▶ _EXERCISE DETAILS_
Copy the entries exactly, through the "eventually_filter|]. intros eps He." line.

Start of INPUT DATA

Lemma qpoch_cvg x q : (Cmod q < 1)%R -> filterlim (qpoch x q) eventually (locally (qpinf x q)).
Proof.
  intros Hq. assert (Hq0 := Cmod_ge_0 q).
  set (d := fun j => qpoch x q (S j) - qpoch x q j).
  set (P := exp (Cmod x / (1 - Cmod q))).
  assert (Hd : forall j, (Cmod (d j) <= (P * Cmod x) * Cmod q ^ j)%R).
  { intros j. unfold d. rewrite qpoch_S.
    replace (qpoch x q j * (1 - x * q ^ j) - qpoch x q j) with (- (qpoch x q j * (x * q ^ j))) by ring.
    rewrite Cmod_opp, !Cmod_mult, Cmod_pow, <- Rmult_assoc.
    apply Rmult_le_compat_r; [apply pow_le, Hq0|].
    apply Rmult_le_compat_r; [apply Cmod_ge_0|]. apply Cmod_qpoch_le; lra. }
  destruct (series_tail_le d _ _ Hd (is_series_geom_scal _ _ (conj Hq0 Hq))) as [[l Hl] _].
  assert (Hsum : forall N, sum_n d N = qpoch x q (S N) - 1).
  { induction N as [|N IH]; [rewrite sum_O; unfold d; simpl; ring|].
    rewrite sum_Sn, IH. unfold d, plus; simpl. ring. }
  assert (Hlim : filterlim (qpoch x q) eventually (locally (1 + l))).
  { apply filterlim_locally_Cmod; [apply eventually_filter|]. intros eps He.
    destruct (proj1 (filterlim_locally_Cmod _ _ _) Hl eps He) as [N HN].
    exists (S N). intros [|n] Hn; [lia|].
    specialize (HN n ltac:(lia)). rewrite Hsum in HN.
    now replace (qpoch x q (S n) - (1 + l)) with (qpoch x q (S n) - 1 - l) by ring. }
  unfold qpinf. now rewrite (Climseq_unique _ _ Hlim).
Qed.

Lemma qpinf_neq0 x q : (Cmod q < 1)%R -> (forall j, x * q ^ j <> 1) -> qpinf x q <> 0.
Proof.
  intros Hq Hx E. destruct (qpoch_bounded_below x q Hq Hx) as [m [Hm Hmn]].
  assert (H := Cmod_ge_of_filterlim eventually _ _ m (qpoch_cvg x q Hq)
                (ex_intro _ 0%nat (fun n _ => Hmn n))).
  rewrite E, Cmod_0 in H. lra.
Qed.

Lemma qpochs_cons x l q n : qpochs (x :: l) q n = qpoch x q n * qpochs l q n.
Proof. reflexivity. Qed.

Lemma qpochs_bounded l q : (Cmod q < 1)%R ->
  exists K, (0 <= K)%R /\ forall n, (Cmod (qpochs l q n) <= K)%R.
Proof.
  intros Hq. induction l as [|x l [K [HK0 HK]]].
  - exists 1%R. split; [lra|]. intros n. simpl. rewrite Cmod_1. lra.
  - exists (exp (Cmod x / (1 - Cmod q)) * K)%R.
    split; [apply Rmult_le_pos; [left; apply exp_pos|exact HK0]|].
    intros n. rewrite qpochs_cons, Cmod_mult.
    apply Rmult_le_compat; try apply Cmod_ge_0; [apply Cmod_qpoch_le; lra|apply HK].
Qed.

Lemma qpochs_bounded_below l q : (Cmod q < 1)%R -> (forall x, In x l -> forall j, x * q ^ j <> 1) ->
  exists m, (0 < m)%R /\ forall n, (m <= Cmod (qpochs l q n))%R.
Proof.
  intros Hq. induction l as [|x l IH]; intros Hl.
  - exists 1%R. split; [lra|]. intros n. simpl. rewrite Cmod_1. lra.
  - destruct IH as [K [HK0 HK]]; [intros y Hy; apply Hl; now right|].
    destruct (qpoch_bounded_below x q Hq) as [m [Hm0 Hm]]; [apply Hl; now left|].
    exists (m * K)%R. split; [now apply Rmult_lt_0_compat|].
    intros n. rewrite qpochs_cons, Cmod_mult. apply Rmult_le_compat; lra || auto.
Qed.

Lemma in_fam (f : nat -> C) m x : In x (fam f m) -> exists j, (j < m)%nat /\ x = f j.
Proof.
  unfold fam. intros H. apply in_map_iff in H. destruct H as [j [E Hj]].
  apply in_seq in Hj. exists j. split; [lia|now symmetry].
Qed.

Definition phi_term (as_ bs : list C) (q x : C) n :=
  qpochs as_ q n / (qpoch q q n * qpochs bs q n) * pow_n x n.

(** * The limit x, y -> oo *)

Fixpoint qprod (u q : C) (n : nat) : C :=
  match n with O => 1 | S m => qprod u q m * (u - q ^ m) end.

Lemma qpoch_qprod (x q : C) n : x <> 0 -> qpoch x q n = x ^ n * qprod (/ x) q n.
Proof.
  intros Hx. induction n as [|n IH]; [simpl; ring|].
  rewrite qpoch_S, IH. simpl. field. exact Hx.
Qed.

Lemma filterlim_qprod {T} (F : (T -> Prop) -> Prop) {FF : Filter F} (h : T -> C) (u q : C) n :
  filterlim h F (locally u) -> filterlim (fun p => qprod (h p) q n) F (locally (qprod u q n)).
Proof.
  intros H. induction n as [|n IH]; [apply filterlim_const|].
  apply (filterlim_Cmult F); [exact IH|].
  apply (filterlim_Cplus F); [exact H|apply filterlim_const].
Qed.

Lemma filterlim_qpoch {T} (F : (T -> Prop) -> Prop) {FF : Filter F} (h : T -> C) (x q : C) n :
  filterlim h F (locally x) -> filterlim (fun p => qpoch (h p) q n) F (locally (qpoch x q n)).
Proof.
  intros H. induction n as [|n IH]; [apply filterlim_const|].
  rewrite qpoch_S.
  apply (filterlim_ext (fun p => qpoch (h p) q n * (1 + (- q ^ n) * h p)));
    [intros p; rewrite qpoch_S; ring|].
  replace (1 - x * q ^ n) with (1 + (- q ^ n) * x) by ring.
  apply (filterlim_Cmult F); [exact IH|].
  apply (filterlim_Cplus F); [apply filterlim_const|].
  apply (filterlim_Cmult F); [apply filterlim_const|exact H].
Qed.

Lemma Cmod_qprod_le (u q : C) (rho : R) J n : (0 < rho <= 2)%R ->
  (forall m, Cmod (u - q ^ m) <= 2)%R -> (forall m, (J <= m)%nat -> Cmod (u - q ^ m) <= rho)%R ->
  (Cmod (qprod u q n) <= (2 / rho) ^ J * rho ^ n)%R.
Proof.
  intros Hrho H2 HJ.
  assert (H1 : (1 <= 2 / rho)%R).
  { apply Rmult_le_reg_r with rho; [lra|]. unfold Rdiv. rewrite Rmult_assoc, Rinv_l; lra. }
  assert (Hmin : (Cmod (qprod u q n) <= (2 / rho) ^ Nat.min n J * rho ^ n)%R).
  { induction n as [|n IH]; [simpl; rewrite Cmod_1; lra|].
    simpl qprod. rewrite Cmod_mult.
    assert (Hpos : (0 <= (2 / rho) ^ Nat.min n J * rho ^ n)%R) by (apply Rmult_le_pos; apply pow_le; lra).
    assert (G0 := Cmod_ge_0 (qprod u q n)). assert (G1 := Cmod_ge_0 (u - q ^ n)).
    destruct (Compare_dec.le_lt_dec J n) as [HnJ|HnJ].
    - replace (Nat.min (S n) J) with (Nat.min n J) by lia.
      apply Rle_trans with ((2 / rho) ^ Nat.min n J * rho ^ n * rho)%R;
        [apply Rmult_le_compat; auto|simpl; lra].
    - replace (Nat.min (S n) J) with (S (Nat.min n J)) by lia.
      apply Rle_trans with ((2 / rho) ^ Nat.min n J * rho ^ n * 2)%R;
        [apply Rmult_le_compat; auto|simpl; right; field; lra]. }
  eapply Rle_trans; [exact Hmin|].
  apply Rmult_le_compat_r; [apply pow_le; lra|]. apply Rle_pow; [exact H1|lia].
Qed.

(* With [u = 1/x] and [v = 1/y] this is [(x, y; q)_n / ((A q/x, A q/y; q)_n (x y)^n)]. *)
Definition xy_weight (A q u v : C) n :=
  qprod u q n * qprod v q n / (qpoch (A * q * u) q n * qpoch (A * q * v) q n).

Lemma xy_weight_0_0_O A q : xy_weight A q 0 0 0 = 1.
Proof. unfold xy_weight. simpl. field. Qed.

Lemma xy_weight_0_0_S A q n : xy_weight A q 0 0 (S n) = xy_weight A q 0 0 n * (q ^ n * q ^ n).
Proof.
  unfold xy_weight. rewrite !Cmult_0_r, !qpoch_0_l. simpl. field.
Qed.

Lemma Cmod_qprod_small (q : C) (rho : R) : (Cmod q < 1)%R -> (0 < rho <= 1 / 2)%R ->
  exists K, (0 <= K)%R /\ forall u n, (Cmod u <= rho / 2)%R -> (Cmod (qprod u q n) <= K * rho ^ n)%R.
Proof.
  intros Hq Hrho. assert (Hq0 := Cmod_ge_0 q).
  destruct (geom_eventually_lt 1 (Cmod q) ltac:(lra) (rho / 2) ltac:(lra)) as [J HJ].
  exists ((2 / rho) ^ J)%R. split; [apply pow_le, Rdiv_le_0_compat; lra|].
  intros u n Hu. apply Cmod_qprod_le; [lra| |].
  - intros m. eapply Rle_trans; [apply Cmod_triangle|]. rewrite Cmod_opp, Cmod_pow.
    assert (Cmod q ^ m <= 1)%R by (apply pow_le_one; lra). lra.
  - intros m Hm. eapply Rle_trans; [apply Cmod_triangle|]. rewrite Cmod_opp, Cmod_pow.
    specialize (HJ m Hm). lra.
Qed.

Lemma Cmod_qpoch_mul_ge_half (A q u : C) n : (Cmod q < 1)%R ->
  (Cmod u <= (1 - Cmod q) / (2 * (Cmod A + 1)))%R -> (1 / 2 <= Cmod (qpoch (A * q * u) q n))%R.
Proof.
  intros Hq Hu. apply Cmod_qpoch_ge_half; [exact Hq|].
  assert (Hq0 := Cmod_ge_0 q). assert (HA := Cmod_ge_0 A). assert (Hu0 := Cmod_ge_0 u).
  apply Rle_trans with ((Cmod A + 1) * ((1 - Cmod q) / (2 * (Cmod A + 1))))%R; [|right; field; lra].
  rewrite !Cmod_mult. apply Rmult_le_compat; nra.
Qed.

Lemma xy_weight_bound (A q beta : C) : (Cmod q < 1)%R ->
  exists d K, (0 < d)%R /\ (0 <= K)%R /\
    forall u v n, (Cmod u <= d)%R -> (Cmod v <= d)%R ->
      (Cmod (xy_weight A q u v n) * Cmod beta ^ n <= K * (1 / 4) ^ n)%R.
Proof.
  intros Hq. assert (Hq0 := Cmod_ge_0 q). assert (HA := Cmod_ge_0 A). assert (Hb := Cmod_ge_0 beta).
  set (rho := (1 / (2 * (Cmod beta + 1)))%R).
  assert (Hrho : (0 < rho <= 1 / 2)%R).
  { unfold rho. split; [apply Rdiv_lt_0_compat; lra|].
    apply Rmult_le_reg_r with (2 * (Cmod beta + 1))%R; [lra|]. field_simplify; lra. }
  assert (Hrb : (rho * Cmod beta <= 1 / 2)%R).
  { apply Rmult_le_reg_r with (2 * (Cmod beta + 1))%R; [lra|]. unfold rho. field_simplify; lra. }
  destruct (Cmod_qprod_small q rho Hq Hrho) as [K [HK Hprod]].
  set (d := Rmin (rho / 2) ((1 - Cmod q) / (2 * (Cmod A + 1)))).
  assert (Hd1 : (d <= rho / 2)%R) by apply Rmin_l.
  assert (Hd2 : (d <= (1 - Cmod q) / (2 * (Cmod A + 1)))%R) by apply Rmin_r.
  assert (Hd0 : (0 < d)%R) by (apply Rmin_glb_lt; [lra|apply Rdiv_lt_0_compat; lra]).
  exists d, (4 * K ^ 2)%R. split; [exact Hd0|]. split; [nra|].
  intros u v n Hu Hv.
  assert (Hu1 := Hprod u n ltac:(lra)). assert (Hv1 := Hprod v n ltac:(lra)).
  assert (Hu2 := Cmod_qpoch_mul_ge_half A q u n Hq ltac:(lra)).
  assert (Hv2 := Cmod_qpoch_mul_ge_half A q v n Hq ltac:(lra)).
  assert (Hden : qpoch (A * q * u) q n * qpoch (A * q * v) q n <> 0).
  { apply Cmult_neq_0; intros E; [rewrite E, Cmod_0 in Hu2|rewrite E, Cmod_0 in Hv2]; lra. }
  unfold xy_weight. rewrite Cmod_div by exact Hden. rewrite !Cmod_mult.
  assert (G1 := Cmod_ge_0 (qprod u q n)). assert (G2 := Cmod_ge_0 (qprod v q n)).
  assert (Hrn : (0 <= rho ^ n)%R) by (apply pow_le; lra).
  assert (Hbn : (0 <= Cmod beta ^ n)%R) by (apply pow_le; lra).
  apply Rle_trans with (K * rho ^ n * (K * rho ^ n) * 4 * Cmod beta ^ n)%R.
  - apply Rmult_le_compat_r; [exact Hbn|].
    assert (Hinv : (/ (Cmod (qpoch (A * q * u) q n) * Cmod (qpoch (A * q * v) q n)) <= 4)%R).
    { replace 4%R with (/ (1 / 2 * (1 / 2)))%R by field. apply Rinv_le_contravar; [lra|].
      apply Rmult_le_compat; lra. }
    unfold Rdiv. apply Rmult_le_compat; [nra|apply Rlt_le, Rinv_0_lt_compat; nra| |exact Hinv].
    apply Rmult_le_compat; lra.
  - replace (K * rho ^ n * (K * rho ^ n) * 4 * Cmod beta ^ n)%R
      with (4 * K ^ 2 * (rho * rho * Cmod beta) ^ n)%R by (rewrite !Rpow_mult_distr; ring).
    apply Rmult_le_compat_l; [nra|]. apply pow_incr. split; nra.
Qed.

#[local] Instance infty2_filter : ProperFilter infty2.
Proof.
  constructor.
  - intros P [M HM]. set (t := (Rabs M + 1)%R).
    assert (Ht : (M < Cmod (RtoC t))%R).
    { rewrite Cmod_R. unfold t. rewrite Rabs_pos_eq; [|assert (0 <= Rabs M)%R by apply Rabs_pos; lra].
      assert (M <= Rabs M)%R by apply RRle_abs. lra. }
    exists (RtoC t, RtoC t). now apply HM.
  - constructor.
    + exists 0%R. auto.
    + intros P Q [M1 H1] [M2 H2]. exists (Rmax M1 M2). intros x y Hx Hy.
      split; [apply H1|apply H2]; eapply Rle_lt_trans; eauto;
        [apply Rmax_l|apply Rmax_l|apply Rmax_r|apply Rmax_r].
    + intros P Q HPQ [M HM]. exists M. intros x y Hx Hy. now apply HPQ, HM.
Qed.

Lemma infty2_inv_small (d : R) : (0 < d)%R ->
  infty2 (fun p => fst p <> 0 /\ snd p <> 0 /\ (Cmod (/ fst p) <= d)%R /\ (Cmod (/ snd p) <= d)%R).
Proof.
  intros Hd.
  assert (Hsmall : forall x : C, (/ d < Cmod x)%R -> x <> 0 /\ (Cmod (/ x) <= d)%R).
  { intros x Hx. assert (0 < / d)%R by (now apply Rinv_0_lt_compat).
    assert (Hx0 : x <> 0) by (intros E; rewrite E, Cmod_0 in Hx; lra).
    split; [exact Hx0|]. rewrite Cmod_inv by exact Hx0.
    rewrite <- (Rinv_inv d). left. apply Rinv_lt_contravar; nra. }
  exists (/ d)%R. intros x y Hx Hy. simpl.
  destruct (Hsmall x Hx). destruct (Hsmall y Hy). tauto.
Qed.

Lemma filterlim_inv_fst : filterlim (fun p : C * C => / fst p) infty2 (locally (RtoC 0)).
Proof.
  apply filterlim_locally_Cmod; [apply infty2_filter|]. intros eps He.
  refine (filter_imp (F := infty2) _ _ _ (infty2_inv_small (eps / 2) ltac:(lra))).
  intros p (_ & _ & Hp & _).
  replace (/ fst p - 0) with (/ fst p) by ring. lra.
Qed.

End of INPUT DATA

▶ _RESULT OF THE EXERCISE_
Lemma qpoch_cvg x q : (Cmod q < 1)%R -> filterlim (qpoch x q) eventually (locally (qpinf x q)).
Proof.
  intros Hq. assert (Hq0 := Cmod_ge_0 q).
  set (d := fun j => qpoch x q (S j) - qpoch x q j).
  set (P := exp (Cmod x / (1 - Cmod q))).
  assert (Hd : forall j, (Cmod (d j) <= (P * Cmod x) * Cmod q ^ j)%R).
  { intros j. unfold d. rewrite qpoch_S.
    replace (qpoch x q j * (1 - x * q ^ j) - qpoch x q j) with (- (qpoch x q j * (x * q ^ j))) by ring.
    rewrite Cmod_opp, !Cmod_mult, Cmod_pow, <- Rmult_assoc.
    apply Rmult_le_compat_r; [apply pow_le, Hq0|].
    apply Rmult_le_compat_r; [apply Cmod_ge_0|]. apply Cmod_qpoch_le; lra. }
  destruct (series_tail_le d _ _ Hd (is_series_geom_scal _ _ (conj Hq0 Hq))) as [[l Hl] _].
  assert (Hsum : forall N, sum_n d N = qpoch x q (S N) - 1).
  { induction N as [|N IH]; [rewrite sum_O; unfold d; simpl; ring|].
    rewrite sum_Sn, IH. unfold d, plus; simpl. ring. }
  assert (Hlim : filterlim (qpoch x q) eventually (locally (1 + l))).
  { apply filterlim_locally_Cmod; [apply eventually_filter|]. intros eps He.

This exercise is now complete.